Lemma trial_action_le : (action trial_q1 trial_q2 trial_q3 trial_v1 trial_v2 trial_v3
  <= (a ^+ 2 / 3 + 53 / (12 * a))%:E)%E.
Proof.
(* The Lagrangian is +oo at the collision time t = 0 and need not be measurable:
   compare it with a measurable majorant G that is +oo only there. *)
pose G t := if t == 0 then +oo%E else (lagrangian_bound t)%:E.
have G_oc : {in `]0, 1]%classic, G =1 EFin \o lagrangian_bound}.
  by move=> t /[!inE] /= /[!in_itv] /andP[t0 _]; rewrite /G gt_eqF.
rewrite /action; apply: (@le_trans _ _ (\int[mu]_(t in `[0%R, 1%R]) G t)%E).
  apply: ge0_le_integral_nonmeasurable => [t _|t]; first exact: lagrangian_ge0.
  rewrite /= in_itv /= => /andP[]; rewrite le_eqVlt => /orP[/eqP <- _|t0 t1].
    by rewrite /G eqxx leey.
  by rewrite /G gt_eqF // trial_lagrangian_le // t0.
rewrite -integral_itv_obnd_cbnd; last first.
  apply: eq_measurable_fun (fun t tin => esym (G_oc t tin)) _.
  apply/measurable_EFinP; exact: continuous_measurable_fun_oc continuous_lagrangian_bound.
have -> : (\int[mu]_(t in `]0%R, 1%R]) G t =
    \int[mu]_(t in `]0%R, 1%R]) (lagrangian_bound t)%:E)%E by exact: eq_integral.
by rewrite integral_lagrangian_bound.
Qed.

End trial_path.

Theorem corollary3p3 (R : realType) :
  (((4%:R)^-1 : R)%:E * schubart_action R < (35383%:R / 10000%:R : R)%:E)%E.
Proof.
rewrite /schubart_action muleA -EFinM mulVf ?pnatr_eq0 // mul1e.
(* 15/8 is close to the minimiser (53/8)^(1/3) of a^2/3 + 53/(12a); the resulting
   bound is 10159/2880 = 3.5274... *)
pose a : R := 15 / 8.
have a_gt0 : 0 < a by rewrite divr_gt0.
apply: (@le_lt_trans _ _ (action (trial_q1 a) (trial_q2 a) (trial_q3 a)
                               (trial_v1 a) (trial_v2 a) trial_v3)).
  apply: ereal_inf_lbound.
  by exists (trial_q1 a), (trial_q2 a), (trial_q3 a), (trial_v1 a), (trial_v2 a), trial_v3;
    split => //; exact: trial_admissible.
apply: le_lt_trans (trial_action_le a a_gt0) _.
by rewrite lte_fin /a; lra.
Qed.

++++++++++++++++++++

▶ **Task brief**
From the first line of the records above down to the line containing "1]%classic, G =1", repeat each line exactly as written. Include both of those lines and add nothing.

▶ **Reply**
Lemma trial_action_le : (action trial_q1 trial_q2 trial_q3 trial_v1 trial_v2 trial_v3
  <= (a ^+ 2 / 3 + 53 / (12 * a))%:E)%E.
Proof.
(* The Lagrangian is +oo at the collision time t = 0 and need not be measurable:
   compare it with a measurable majorant G that is +oo only there. *)
pose G t := if t == 0 then +oo%E else (lagrangian_bound t)%:E.
have G_oc : {in `]0, 1]%classic, G =1 EFin \o lagrangian_bound}.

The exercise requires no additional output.